As I supped, I took in the noisy but eupeptic atmosphere – interrupted only by one drunk who shouted incoherent accusations into the crowd, before shuffling off, confused. I was confused too. The only time I’d ever previously spoken to him was a few years ago, when he was telling me that his own very high expectations of excellence were behind his giving my child so much homework.

There was no vegetarian food left on the pier for my wife to savour, so we headed back to Atan’s new outlet at the Round Top Stores, where the spicy beef penang gave me bliss and hiccups.

Later, we joined the throng on the Castle Emplacement to view the annual detonation of low explosives. As we watched the colourful and pulsating pyrotechnics, another display flashed out east, as the long-promised storms slipped by. And still we stayed dry.

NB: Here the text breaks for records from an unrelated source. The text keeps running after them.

Lemma cint_split n lo hi ph m cc z1 z2 : (m < n)%nat ->
  (forall j, (j < n)%nat -> 0 < lo j <= hi j) -> lo m < cc < hi m -> blip n lo hi ph ->
  cint n lo (upd hi m cc) ph z1 -> cint n (upd lo m cc) hi ph z2 ->
  cint n lo hi ph (cadd z1 z2).
Proof.
  intros Hm Hl Hc Hph [a1 b1] [a2 b2].
  assert (Hl0 : forall j, (j < n)%nat -> 0 < lo j) by (intros j Hj; apply Hl; auto).
  split; simpl; eapply iint_split; eauto; apply blip_integrand; auto.
Qed.

Lemma cint_ext_bounds n lo hi lo' hi' ph z :
  (forall j, (j < n)%nat -> lo j = lo' j /\ hi j = hi' j) ->
  cint n lo hi ph z -> cint n lo' hi' ph z.
Proof. intros H [H1 H2]; split; eapply iint_ext_bounds; eauto. Qed.

Definition norm1 (z : R * R) := Rabs (fst z) + Rabs (snd z).

Lemma cmod_le_norm1 z : cmod z <= norm1 z.
Proof.
  destruct z as [x y]. unfold cmod, norm1; cbn [fst snd].
  assert (0 <= Rabs x) by apply Rabs_pos. assert (0 <= Rabs y) by apply Rabs_pos.
  rewrite <- (sqrt_pow2 (Rabs x + Rabs y)) by lra.
  apply sqrt_le_1_alt. rewrite <- (pow2_abs x), <- (pow2_abs y). nra.
Qed.

Lemma norm1_le_2cmod z : norm1 z <= 2 * cmod z.
Proof.
  destruct z as [x y]. unfold cmod, norm1; cbn [fst snd].
  assert (Hx : Rabs x <= sqrt (x ^ 2 + y ^ 2)).
  { rewrite <- (sqrt_pow2 (Rabs x)) by apply Rabs_pos.
    apply sqrt_le_1_alt. rewrite pow2_abs. pose proof (pow2_ge_0 y). lra. }
  assert (Hy : Rabs y <= sqrt (x ^ 2 + y ^ 2)).
  { rewrite <- (sqrt_pow2 (Rabs y)) by apply Rabs_pos.
    apply sqrt_le_1_alt. rewrite pow2_abs. pose proof (pow2_ge_0 x). lra. }
  lra.
Qed.

Lemma norm1_triang z w : norm1 z <= norm1 w + norm1 (fst z - fst w, snd z - snd w).
Proof.
  unfold norm1; cbn [fst snd].
  pose proof (Rabs_triang (fst w) (fst z - fst w)).
  pose proof (Rabs_triang (snd w) (snd z - snd w)).
  replace (fst w + (fst z - fst w)) with (fst z) in * by ring.
  replace (snd w + (snd z - snd w)) with (snd z) in * by ring. lra.
Qed.

Lemma cmod_le_of_close W Z K :
  norm1 W <= K -> norm1 (fst W - fst Z, snd W - snd Z) <= 1 -> cmod Z <= K + 1.
Proof.
  intros HW HWZ. pose proof (cmod_le_norm1 Z). pose proof (norm1_triang Z W).
  unfold norm1 in *; cbn [fst snd] in *.
  rewrite (Rabs_minus_sym (fst Z)), (Rabs_minus_sym (snd Z)) in *. lra.
Qed.

(* Cutting coordinate [m] at [A_m]
   writes the integral over [lower_mix A m eps < |t| < hi] as the difference of
   two such integrals with [m+1] coordinates taken from [A]; for [m = 0] the
   integral is within 1 of a limit [I(P, xi, hi)] once [eps] is small.  By
   induction, the integrals with [m] mixed coordinates are bounded by
   [2^m (2M + 2)], and [m = n] gives the box. *)
Definition lower_mix (A : nat -> R) m (eps : nat -> R) : nat -> R :=
  fun j => if Nat.ltb j m then A j else eps j.

Lemma norm1_near_limit z L M : cdist z L < 1 -> cmod L <= M -> norm1 z <= 2 * M + 2.
Proof.
  intros Hd HL. unfold cdist in Hd.
  pose proof (norm1_triang z L). pose proof (norm1_le_2cmod L).
  pose proof (norm1_le_2cmod (fst z - fst L, snd z - snd L)). lra.
Qed.

Lemma norm1_cadd_r z1 z : norm1 z <= norm1 (cadd z1 z) + norm1 z1.
Proof.
  pose proof (norm1_triang z (cadd z1 z)). unfold norm1, cadd in *; cbn [fst snd] in *.
  replace (fst z - (fst z1 + fst z)) with (- fst z1) in * by ring.
  replace (snd z - (snd z1 + snd z)) with (- snd z1) in * by ring.
  rewrite !Rabs_Ropp in *. lra.
Qed.

Section BoxBound.
Variables (n : nat) (T : nat -> Prop) (ph : (nat -> R) -> R) (M : R) (A : nat -> R).
Hypothesis Hph : forall lo hi, blip n lo hi ph.
Hypothesis HI : forall hi, inI n T hi -> exists L, Ilim n ph hi L /\ cmod L <= M.
Hypothesis HA : inI n T A.

Lemma partial_box_bound m : (m <= n)%nat -> forall hi, inI n T hi ->
  (forall j, (j < n)%nat -> A j <= hi j) -> (forall j, (j < m)%nat -> A j < hi j) ->
  exists eta, 0 < eta /\
  forall eps, (forall j, (j < n)%nat -> 0 < eps j < eta /\ eps j < A j) ->
  forall z, cint n (lower_mix A m eps) hi ph z -> norm1 z <= 2 ^ m * (2 * M + 2).
Proof.
  induction m as [|m IH]; intros Hm hi Hhi HAh HAs.
  - destruct (HI hi Hhi) as [L [HL HLM]].
    destruct (HL 1 ltac:(lra)) as [eta [Heta Heps]].
    exists eta; split; auto. intros eps Heps0 z Hz.
    replace (lower_mix A 0 eps) with eps in Hz by (apply functional_extensionality; auto).
    destruct (Heps eps) as [_ Hd]; [intros j Hj; apply Heps0; auto|].
    simpl. rewrite Rmult_1_l. apply (norm1_near_limit z L M); auto.
  - assert (Hmn : (m < n)%nat) by lia.
    set (hi1 := upd hi m (A m)).
    destruct (IH ltac:(lia) hi1) as [eta1 [He1 H1]].
    { intros j Hj. unfold hi1, upd. destruct (Nat.eqb_spec j m); [subst|]; auto. }
    { intros j Hj. unfold hi1, upd. destruct (Nat.eqb_spec j m); [subst; lra|auto]. }
    { intros j Hj. unfold hi1. rewrite upd_other by lia. apply HAs; lia. }
    destruct (IH ltac:(lia) hi Hhi HAh) as [eta2 [He2 H2]]; [intros j Hj; apply HAs; lia|].
    exists (Rmin eta1 eta2). split; [apply Rmin_pos; auto|].
    intros eps Heps z Hz.
    pose proof (Rmin_l eta1 eta2). pose proof (Rmin_r eta1 eta2).
    set (lo := lower_mix A m eps).
    assert (Hlo : forall j, (j < n)%nat -> 0 < lo j <= hi j).
    { intros j Hj. unfold lo, lower_mix. pose proof (HAh j Hj). destruct (Nat.ltb_spec j m).
      - pose proof (proj1 (HA j Hj)). lra.
      - destruct (Heps j Hj) as [[? ?] ?]. lra. }
    assert (Hc : lo m < A m < hi m).
    { unfold lo, lower_mix. destruct (Nat.ltb_spec m m); [lia|].
      destruct (Heps m Hmn) as [_ ?]. split; [lra | apply HAs; lia]. }
    destruct (cint_exists n lo hi1 ph) as [z1 Hz1]; auto.
    { intros j Hj. unfold hi1, upd. destruct (Nat.eqb_spec j m).
      - subst. pose proof (Hlo m Hmn). lra.
      - apply Hlo; auto. }
    replace (lower_mix A (S m) eps) with (upd lo m (A m)) in Hz.
    2:{ apply functional_extensionality; intro j. unfold lo, lower_mix, upd.
        destruct (Nat.eqb_spec j m), (Nat.ltb_spec j (S m)), (Nat.ltb_spec j m);
          subst; auto; lia. }
    assert (Hsum := cint_split n lo hi ph m (A m) z1 z Hmn Hlo Hc (Hph _ _) Hz1 Hz).
    assert (Hb1 := H1 eps ltac:(intros j Hj; destruct (Heps j Hj) as [[? ?] ?]; repeat split; lra) _ Hz1).
    assert (Hb2 := H2 eps ltac:(intros j Hj; destruct (Heps j Hj) as [[? ?] ?]; repeat split; lra) _ Hsum).
    pose proof (norm1_cadd_r z1 z). simpl. lra.
Qed.

Lemma box_bound B : inI n T B -> (forall j, (j < n)%nat -> A j < B j) ->
  forall W, cint n A B ph W -> norm1 W <= 2 ^ n * (2 * M + 2).
Proof.
  intros HB HAB W HW.
  destruct (partial_box_bound n (le_n n) B HB) as [eta [Heta Hq]]; auto.
  { intros j Hj; left; auto. }
  set (eps := fun j => Rmin eta (A j) / 2).
  apply (Hq eps).
  - intros j Hj. pose proof (proj1 (HA j Hj)). unfold eps.
    pose proof (Rmin_l eta (A j)). pose proof (Rmin_r eta (A j)).
    assert (0 < Rmin eta (A j)) by (apply Rmin_pos; auto). repeat split; lra.
  - eapply cint_ext_bounds; [|exact HW]. intros j Hj. split; auto.
    unfold lower_mix. destruct (Nat.ltb_spec j n); [auto|lia].
Qed.

End BoxBound.

Definition eventually0 (Pr : R -> Prop) : Prop :=
  exists d0, 0 < d0 /\ forall dl, 0 < dl < d0 -> Pr dl.

Lemma eventually0_always (Pr : R -> Prop) : (forall dl, 0 < dl -> Pr dl) -> eventually0 Pr.
Proof. intros H. exists 1. split; [lra | intros dl Hdl; apply H; lra]. Qed.

Lemma eventually0_and (P1 P2 : R -> Prop) :
  eventually0 P1 -> eventually0 P2 -> eventually0 (fun dl => P1 dl /\ P2 dl).
Proof.
  intros [d1 [Hd1 H1]] [d2 [Hd2 H2]]. exists (Rmin d1 d2). split; [apply Rmin_pos; auto|].
  intros dl Hdl. pose proof (Rmin_l d1 d2). pose proof (Rmin_r d1 d2).
  split; [apply H1 | apply H2]; lra.
Qed.

Lemma eventually0_forall_lt N (Pr : nat -> R -> Prop) :
  (forall j, (j < N)%nat -> eventually0 (Pr j)) ->
  eventually0 (fun dl => forall j, (j < N)%nat -> Pr j dl).
Proof.
  induction N; intros H.
  - apply eventually0_always. intros; lia.
  - destruct (eventually0_and _ _ (IHN ltac:(intros; apply H; lia)) (H N ltac:(lia)))
      as [d0 [Hd0 H0]].
    exists d0. split; auto. intros dl Hdl j Hj. destruct (H0 dl Hdl) as [Hlt HN].
    destruct (Nat.eq_dec j N) as [->|]; auto. apply Hlt; lia.
Qed.

Lemma eventually0_witness (Pr : R -> Prop) : eventually0 Pr -> exists dl, 0 < dl /\ Pr dl.
Proof.
  intros [d0 [Hd0 H]]. exists (d0 / 2). split; [lra | apply H; lra].
Qed.

Lemma eventually0_rpower_small e T : 0 < e -> 0 < T -> eventually0 (fun dl => Rpower dl e < T).
Proof.
  intros He HT. exists (exp (ln T / e)). split; [apply exp_pos|].
  intros dl [H1 H2]. unfold Rpower. rewrite <- (exp_ln T) by auto.
  apply exp_increasing. apply ln_increasing in H2; auto. rewrite ln_exp in H2.
  apply Rmult_lt_compat_l with (r := e) in H2; auto.
  replace (e * (ln T / e)) with (ln T) in H2 by (field; lra). lra.
Qed.

Lemma mono_scale n dl u m s : 0 < dl -> length m = n ->
  mono m (cmul (fun j => Rpower dl (u j)) s) = Rpower dl (ip n u (embed m)) * mono m s.
Proof.
  intros Hd Hl. unfold mono, cmul, ip. rewrite Hl.
  rewrite (rprod_ext n _ (fun j => Rpower dl (u j) ^ nth j m O * s j ^ nth j m O))
    by (intros; apply Rpow_mult_distr).
  rewrite rprod_mult. f_equal. clear Hl. induction n; simpl.
  - rewrite Rpower_O; auto.
  - rewrite IHn, Rpower_plus, <- Rpower_pow, Rpower_mult by apply exp_pos. reflexivity.
Qed.

Lemma mono_bound m s b : (forall j, (j < length m)%nat -> Rabs (s j) <= b j) ->
  Rabs (mono m s) <= mono m b.
Proof.
  intros H. unfold mono. rewrite rprod_abs. apply rprod_le. intros j Hj.
  rewrite <- RPow_abs. split. apply pow_le, Rabs_pos. apply pow_incr. split. apply Rabs_pos. auto.
Qed.

Definition level_split n (u : nat -> R) (G : (nat -> R) -> Prop) r (m : list nat) : Prop :=
  length m = n /\ (G (embed m) -> ip n u (embed m) = r) /\ (~ G (embed m) -> ip n u (embed m) > r).

Lemma monomial_scaling n u b G r m cf eps : level_split n u G r m -> 0 < eps ->
  eventually0 (fun dl => forall s, (forall j, (j < n)%nat -> Rabs (s j) <= b j) ->
    Rabs (Rpower dl (- r) * (cf * mono m (cmul (fun j => Rpower dl (u j)) s)) -
          (if excluded_middle_informative (G (embed m)) then cf * mono m s else 0)) <= eps).
Proof.
  intros [Hlen [Hin Hout]] Heps.
  destruct excluded_middle_informative as [g|g].
  - apply eventually0_always. intros dl Hdl s _.
    rewrite (mono_scale n), (Hin g) by (auto; lra).
    replace (Rpower dl (- r) * (cf * (Rpower dl r * mono m s)))
      with (cf * mono m s * (Rpower dl (- r) * Rpower dl r)) by ring.
    rewrite <- Rpower_plus, Rplus_opp_l, Rpower_O, Rmult_1_r, Rminus_diag, Rabs_R0 by lra. lra.
  - set (e := ip n u (embed m) - r).
    assert (He : 0 < e) by (specialize (Hout g); unfold e; lra).
    set (Bm := Rabs cf * Rabs (mono m b) + 1).
    assert (HB : 0 < Bm) by (unfold Bm; pose proof (Rabs_pos cf); pose proof (Rabs_pos (mono m b)); nra).
    destruct (eventually0_rpower_small e (eps / Bm)) as [d0 [Hd0 H0]]; auto.
    { apply Rdiv_lt_0_compat; lra. }
    exists d0. split; auto. intros dl Hdl s Hs.
    rewrite (mono_scale n) by (auto; lra).
    replace (Rpower dl (- r) * (cf * (Rpower dl (ip n u (embed m)) * mono m s)) - 0)
      with (cf * mono m s * Rpower dl e)
      by (unfold e; unfold Rminus at 1; rewrite Rplus_comm, Rpower_plus; ring).
    assert (Hp : 0 < Rpower dl e) by apply exp_pos.
    assert (Hms : Rabs (mono m s) <= Rabs (mono m b)).
    { eapply Rle_trans; [apply mono_bound | apply RRle_abs].
      intros j Hj. apply Hs. rewrite <- Hlen; auto. }
    rewrite !Rabs_mult, (Rabs_right (Rpower _ _)) by lra.
    pose proof (Rabs_pos cf). pose proof (Rabs_pos (mono m s)).
    assert (Rabs cf * Rabs (mono m s) <= Bm) by (unfold Bm; nra).
    replace eps with (Bm * (eps / Bm)) by (field; lra).
    apply Rmult_le_compat; try nra. specialize (H0 dl Hdl). lra.
Qed.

Yet for all that, it wasn’t the unexpected beneficence of the weather gods that gave me pause, as I got home and reached for my tattered script.

I stopped and thought about the much better runners than me, like Mike Batiste and James Priest, who drove the van, set up the chip-reading start line and marshalled the runners through traffic.

I thought about the whole team of helpers at Beau Sejour who diligently checked IDs, cross-checked lists and filled hampers. They were full of smiles and, seeing me there with my road-race number on my chest, congratulated me on still being largely upright. I saw some of them about six hours later on Quay St, still fetching and carrying.

I remembered the team who were replenishing the bins on the Crown Pier just as I was looking to offload my penang pot.

And I thought about the riddle-setters, the stall-holders, the beer-pourers, the dice-rollers, the sound engineers and stage managers, the medics and the firework letter-offers.

And I concluded that whether you give them a day off or not, the people of this island will go to all the trouble that could possible be necessary – paid or unpaid – to make sure that Liberation Day puts smiles on faces, rain or shine.

And I asked myself, what will I do next year, by way of voluntary effort?

And yes, I did remember to go back and get my bike.